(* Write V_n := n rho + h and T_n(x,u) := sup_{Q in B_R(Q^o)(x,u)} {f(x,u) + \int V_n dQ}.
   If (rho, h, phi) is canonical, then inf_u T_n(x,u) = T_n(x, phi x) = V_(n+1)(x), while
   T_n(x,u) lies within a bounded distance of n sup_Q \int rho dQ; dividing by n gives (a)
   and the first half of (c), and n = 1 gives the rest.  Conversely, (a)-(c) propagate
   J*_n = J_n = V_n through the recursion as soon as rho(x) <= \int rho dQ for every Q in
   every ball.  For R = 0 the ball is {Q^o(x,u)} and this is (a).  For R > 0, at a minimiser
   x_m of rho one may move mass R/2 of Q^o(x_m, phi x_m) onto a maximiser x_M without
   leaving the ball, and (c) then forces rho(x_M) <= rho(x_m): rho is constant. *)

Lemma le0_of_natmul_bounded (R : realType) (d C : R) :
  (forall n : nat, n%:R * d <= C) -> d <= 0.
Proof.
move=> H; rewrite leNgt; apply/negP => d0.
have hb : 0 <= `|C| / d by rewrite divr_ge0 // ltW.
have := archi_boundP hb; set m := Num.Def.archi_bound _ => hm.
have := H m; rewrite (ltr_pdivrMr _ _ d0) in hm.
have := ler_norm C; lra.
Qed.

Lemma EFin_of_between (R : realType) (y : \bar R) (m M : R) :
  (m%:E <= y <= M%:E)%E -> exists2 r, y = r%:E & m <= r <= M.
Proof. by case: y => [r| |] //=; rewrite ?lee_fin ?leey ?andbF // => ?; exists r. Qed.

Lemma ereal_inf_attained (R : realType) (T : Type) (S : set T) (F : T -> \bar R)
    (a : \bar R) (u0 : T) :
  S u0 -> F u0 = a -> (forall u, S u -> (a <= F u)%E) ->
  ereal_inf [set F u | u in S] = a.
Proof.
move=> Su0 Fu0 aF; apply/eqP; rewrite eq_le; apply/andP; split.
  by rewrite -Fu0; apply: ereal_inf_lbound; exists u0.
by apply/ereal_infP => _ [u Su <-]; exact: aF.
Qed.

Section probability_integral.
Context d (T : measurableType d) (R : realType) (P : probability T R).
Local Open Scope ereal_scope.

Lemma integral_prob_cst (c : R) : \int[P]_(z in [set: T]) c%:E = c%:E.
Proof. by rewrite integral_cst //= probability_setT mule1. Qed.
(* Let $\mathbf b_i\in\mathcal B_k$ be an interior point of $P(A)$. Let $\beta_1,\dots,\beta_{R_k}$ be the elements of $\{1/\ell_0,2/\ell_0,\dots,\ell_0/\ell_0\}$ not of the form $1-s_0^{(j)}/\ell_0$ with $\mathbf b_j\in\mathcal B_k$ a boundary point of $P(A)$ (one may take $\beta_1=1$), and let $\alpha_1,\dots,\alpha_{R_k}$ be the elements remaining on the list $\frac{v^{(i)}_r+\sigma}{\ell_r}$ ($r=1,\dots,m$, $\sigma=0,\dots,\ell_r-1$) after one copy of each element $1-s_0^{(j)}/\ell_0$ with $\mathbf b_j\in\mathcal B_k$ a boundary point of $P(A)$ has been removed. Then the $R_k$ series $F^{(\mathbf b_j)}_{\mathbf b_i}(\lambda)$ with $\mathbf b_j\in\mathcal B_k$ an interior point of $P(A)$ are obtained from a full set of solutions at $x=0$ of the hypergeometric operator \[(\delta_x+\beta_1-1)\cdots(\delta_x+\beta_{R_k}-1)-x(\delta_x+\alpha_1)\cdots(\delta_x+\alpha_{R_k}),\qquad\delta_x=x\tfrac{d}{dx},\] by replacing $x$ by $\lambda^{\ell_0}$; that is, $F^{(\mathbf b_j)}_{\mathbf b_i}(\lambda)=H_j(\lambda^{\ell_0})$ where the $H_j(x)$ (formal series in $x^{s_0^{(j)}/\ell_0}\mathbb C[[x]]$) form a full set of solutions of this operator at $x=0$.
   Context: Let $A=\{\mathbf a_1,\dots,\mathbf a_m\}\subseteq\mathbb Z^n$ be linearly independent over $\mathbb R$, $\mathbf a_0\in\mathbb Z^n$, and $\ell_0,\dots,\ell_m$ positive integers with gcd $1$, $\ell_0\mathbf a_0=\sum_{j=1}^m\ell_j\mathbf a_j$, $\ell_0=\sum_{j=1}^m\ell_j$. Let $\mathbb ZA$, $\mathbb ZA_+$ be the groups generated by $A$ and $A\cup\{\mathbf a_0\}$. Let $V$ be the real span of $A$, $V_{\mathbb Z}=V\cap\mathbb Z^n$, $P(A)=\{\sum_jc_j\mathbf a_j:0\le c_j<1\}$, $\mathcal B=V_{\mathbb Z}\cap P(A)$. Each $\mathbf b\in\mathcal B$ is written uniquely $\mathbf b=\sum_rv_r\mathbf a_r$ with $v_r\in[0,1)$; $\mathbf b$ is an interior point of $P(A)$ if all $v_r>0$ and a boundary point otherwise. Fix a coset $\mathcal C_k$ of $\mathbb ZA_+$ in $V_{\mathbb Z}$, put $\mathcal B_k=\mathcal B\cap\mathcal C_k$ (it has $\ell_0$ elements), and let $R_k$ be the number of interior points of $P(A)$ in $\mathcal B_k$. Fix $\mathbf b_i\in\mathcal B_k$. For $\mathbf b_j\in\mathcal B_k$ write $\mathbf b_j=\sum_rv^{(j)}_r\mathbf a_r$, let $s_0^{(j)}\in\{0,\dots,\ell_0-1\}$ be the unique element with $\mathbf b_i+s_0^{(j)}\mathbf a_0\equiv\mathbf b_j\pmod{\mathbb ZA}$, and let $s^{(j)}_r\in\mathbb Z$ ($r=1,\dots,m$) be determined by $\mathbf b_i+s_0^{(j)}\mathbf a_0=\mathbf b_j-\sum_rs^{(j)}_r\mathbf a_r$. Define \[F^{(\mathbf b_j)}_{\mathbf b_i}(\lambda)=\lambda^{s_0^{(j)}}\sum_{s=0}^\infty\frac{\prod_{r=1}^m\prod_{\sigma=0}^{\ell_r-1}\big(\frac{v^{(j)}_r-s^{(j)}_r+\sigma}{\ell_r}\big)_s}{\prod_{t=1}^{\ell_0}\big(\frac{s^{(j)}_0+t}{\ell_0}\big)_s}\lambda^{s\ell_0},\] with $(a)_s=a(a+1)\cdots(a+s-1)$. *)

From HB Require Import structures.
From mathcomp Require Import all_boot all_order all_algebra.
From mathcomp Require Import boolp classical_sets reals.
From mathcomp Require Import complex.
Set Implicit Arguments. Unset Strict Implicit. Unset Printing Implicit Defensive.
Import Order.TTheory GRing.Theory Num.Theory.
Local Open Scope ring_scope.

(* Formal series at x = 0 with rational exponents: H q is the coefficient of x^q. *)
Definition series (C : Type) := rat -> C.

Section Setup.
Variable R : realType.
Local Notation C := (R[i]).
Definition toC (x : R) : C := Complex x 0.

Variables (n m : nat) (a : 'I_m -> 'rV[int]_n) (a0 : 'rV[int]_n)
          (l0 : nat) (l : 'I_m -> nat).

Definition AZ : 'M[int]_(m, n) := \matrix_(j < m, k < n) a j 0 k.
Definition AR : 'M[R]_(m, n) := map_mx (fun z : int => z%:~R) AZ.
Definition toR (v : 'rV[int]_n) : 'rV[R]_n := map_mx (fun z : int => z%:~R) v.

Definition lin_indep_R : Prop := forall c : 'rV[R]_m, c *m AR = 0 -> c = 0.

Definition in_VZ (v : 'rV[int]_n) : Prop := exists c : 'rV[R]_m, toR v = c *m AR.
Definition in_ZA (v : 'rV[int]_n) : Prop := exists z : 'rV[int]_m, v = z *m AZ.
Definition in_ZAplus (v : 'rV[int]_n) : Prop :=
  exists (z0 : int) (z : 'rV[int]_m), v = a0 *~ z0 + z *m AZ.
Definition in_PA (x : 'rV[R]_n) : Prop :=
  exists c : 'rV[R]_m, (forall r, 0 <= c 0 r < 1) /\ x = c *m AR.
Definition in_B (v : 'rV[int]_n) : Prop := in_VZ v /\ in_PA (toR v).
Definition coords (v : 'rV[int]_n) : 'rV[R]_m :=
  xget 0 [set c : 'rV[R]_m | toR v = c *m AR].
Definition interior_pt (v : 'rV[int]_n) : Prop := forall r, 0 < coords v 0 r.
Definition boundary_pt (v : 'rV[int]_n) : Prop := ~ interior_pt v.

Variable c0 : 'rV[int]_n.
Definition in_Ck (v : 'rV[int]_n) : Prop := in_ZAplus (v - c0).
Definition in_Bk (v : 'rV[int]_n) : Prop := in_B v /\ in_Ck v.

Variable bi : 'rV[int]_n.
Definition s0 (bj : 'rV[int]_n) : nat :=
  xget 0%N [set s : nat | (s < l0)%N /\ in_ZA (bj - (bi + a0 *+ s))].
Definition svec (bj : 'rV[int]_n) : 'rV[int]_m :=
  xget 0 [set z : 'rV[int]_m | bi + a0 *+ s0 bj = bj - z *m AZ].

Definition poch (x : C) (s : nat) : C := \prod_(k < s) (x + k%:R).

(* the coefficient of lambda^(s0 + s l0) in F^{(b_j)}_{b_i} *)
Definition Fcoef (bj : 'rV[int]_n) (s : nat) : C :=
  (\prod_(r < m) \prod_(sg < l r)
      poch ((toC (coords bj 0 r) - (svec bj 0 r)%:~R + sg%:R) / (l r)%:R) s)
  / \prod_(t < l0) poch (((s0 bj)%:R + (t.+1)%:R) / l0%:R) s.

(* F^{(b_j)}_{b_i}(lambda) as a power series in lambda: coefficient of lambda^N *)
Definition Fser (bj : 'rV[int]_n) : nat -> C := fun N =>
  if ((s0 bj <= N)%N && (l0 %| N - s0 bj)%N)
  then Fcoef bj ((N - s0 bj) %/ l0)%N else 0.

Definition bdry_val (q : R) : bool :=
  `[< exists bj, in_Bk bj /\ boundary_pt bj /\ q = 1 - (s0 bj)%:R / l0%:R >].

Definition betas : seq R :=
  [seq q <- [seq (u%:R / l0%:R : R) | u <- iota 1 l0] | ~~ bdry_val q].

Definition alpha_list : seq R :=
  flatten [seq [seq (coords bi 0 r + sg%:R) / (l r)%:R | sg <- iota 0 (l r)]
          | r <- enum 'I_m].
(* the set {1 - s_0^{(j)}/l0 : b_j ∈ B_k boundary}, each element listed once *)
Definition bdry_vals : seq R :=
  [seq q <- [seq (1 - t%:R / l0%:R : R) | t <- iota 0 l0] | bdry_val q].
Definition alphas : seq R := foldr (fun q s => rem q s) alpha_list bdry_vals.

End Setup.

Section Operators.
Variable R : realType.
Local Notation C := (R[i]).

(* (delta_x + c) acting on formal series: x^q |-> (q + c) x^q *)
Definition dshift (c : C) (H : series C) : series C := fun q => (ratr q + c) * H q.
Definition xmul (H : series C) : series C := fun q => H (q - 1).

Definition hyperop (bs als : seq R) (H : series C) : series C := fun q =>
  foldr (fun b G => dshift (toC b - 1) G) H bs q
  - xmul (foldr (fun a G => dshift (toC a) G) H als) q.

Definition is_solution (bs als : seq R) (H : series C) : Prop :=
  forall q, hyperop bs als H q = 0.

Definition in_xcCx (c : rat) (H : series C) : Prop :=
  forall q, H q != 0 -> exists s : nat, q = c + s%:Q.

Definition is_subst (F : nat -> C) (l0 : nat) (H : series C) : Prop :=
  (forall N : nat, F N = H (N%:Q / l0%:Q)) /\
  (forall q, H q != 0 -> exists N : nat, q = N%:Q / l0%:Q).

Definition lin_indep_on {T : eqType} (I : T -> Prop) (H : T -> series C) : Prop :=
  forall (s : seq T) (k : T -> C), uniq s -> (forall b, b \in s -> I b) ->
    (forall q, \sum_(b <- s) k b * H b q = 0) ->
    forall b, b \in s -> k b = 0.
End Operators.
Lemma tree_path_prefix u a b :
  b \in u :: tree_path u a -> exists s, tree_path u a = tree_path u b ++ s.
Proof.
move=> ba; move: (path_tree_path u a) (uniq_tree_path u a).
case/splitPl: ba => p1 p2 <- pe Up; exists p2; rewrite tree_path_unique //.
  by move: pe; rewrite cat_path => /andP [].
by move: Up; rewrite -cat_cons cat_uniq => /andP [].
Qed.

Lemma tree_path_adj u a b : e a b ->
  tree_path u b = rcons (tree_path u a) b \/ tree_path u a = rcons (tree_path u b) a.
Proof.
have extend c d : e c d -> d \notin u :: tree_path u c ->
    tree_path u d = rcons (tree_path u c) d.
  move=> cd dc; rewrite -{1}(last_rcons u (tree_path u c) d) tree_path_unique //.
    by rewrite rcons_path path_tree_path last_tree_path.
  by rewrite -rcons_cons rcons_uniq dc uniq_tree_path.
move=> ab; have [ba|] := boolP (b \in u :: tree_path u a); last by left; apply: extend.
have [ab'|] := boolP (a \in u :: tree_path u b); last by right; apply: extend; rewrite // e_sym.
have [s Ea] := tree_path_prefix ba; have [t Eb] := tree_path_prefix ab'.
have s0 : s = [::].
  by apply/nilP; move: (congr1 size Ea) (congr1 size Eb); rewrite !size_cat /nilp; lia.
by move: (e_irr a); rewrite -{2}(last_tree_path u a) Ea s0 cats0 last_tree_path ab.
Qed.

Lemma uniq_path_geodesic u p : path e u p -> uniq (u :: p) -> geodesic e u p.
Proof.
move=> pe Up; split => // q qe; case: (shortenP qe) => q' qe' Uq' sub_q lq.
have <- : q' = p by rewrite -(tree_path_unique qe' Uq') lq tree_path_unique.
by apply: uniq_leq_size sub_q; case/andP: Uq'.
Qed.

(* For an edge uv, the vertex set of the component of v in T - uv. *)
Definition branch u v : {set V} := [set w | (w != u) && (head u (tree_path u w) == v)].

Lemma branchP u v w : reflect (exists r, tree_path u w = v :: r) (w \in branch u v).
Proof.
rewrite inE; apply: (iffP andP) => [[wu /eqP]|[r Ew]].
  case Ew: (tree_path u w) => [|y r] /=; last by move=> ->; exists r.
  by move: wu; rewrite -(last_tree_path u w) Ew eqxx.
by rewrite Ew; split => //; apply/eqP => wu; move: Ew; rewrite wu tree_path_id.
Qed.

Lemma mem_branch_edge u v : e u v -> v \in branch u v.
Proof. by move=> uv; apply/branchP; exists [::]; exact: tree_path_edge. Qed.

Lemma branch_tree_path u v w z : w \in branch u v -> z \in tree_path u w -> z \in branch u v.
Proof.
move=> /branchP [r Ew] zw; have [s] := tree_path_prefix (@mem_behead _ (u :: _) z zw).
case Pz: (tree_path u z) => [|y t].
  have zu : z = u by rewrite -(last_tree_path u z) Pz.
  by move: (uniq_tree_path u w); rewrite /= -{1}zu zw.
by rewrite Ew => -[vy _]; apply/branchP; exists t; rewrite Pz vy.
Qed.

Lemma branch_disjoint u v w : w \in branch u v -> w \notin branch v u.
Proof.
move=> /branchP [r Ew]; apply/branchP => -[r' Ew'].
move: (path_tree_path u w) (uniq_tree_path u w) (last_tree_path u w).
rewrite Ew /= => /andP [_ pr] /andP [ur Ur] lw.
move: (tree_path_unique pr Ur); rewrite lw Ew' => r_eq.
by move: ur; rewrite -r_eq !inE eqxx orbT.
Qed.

------------------------

Transcribe the records above from the line holding "by apply: uniq_leq_size" down to the line holding "rewrite inE; apply: (iffP", inclusive, without adding anything.

by apply: uniq_leq_size sub_q; case/andP: Uq'.
Qed.

(* For an edge uv, the vertex set of the component of v in T - uv. *)
Definition branch u v : {set V} := [set w | (w != u) && (head u (tree_path u w) == v)].

Lemma branchP u v w : reflect (exists r, tree_path u w = v :: r) (w \in branch u v).
Proof.
rewrite inE; apply: (iffP andP) => [[wu /eqP]|[r Ew]].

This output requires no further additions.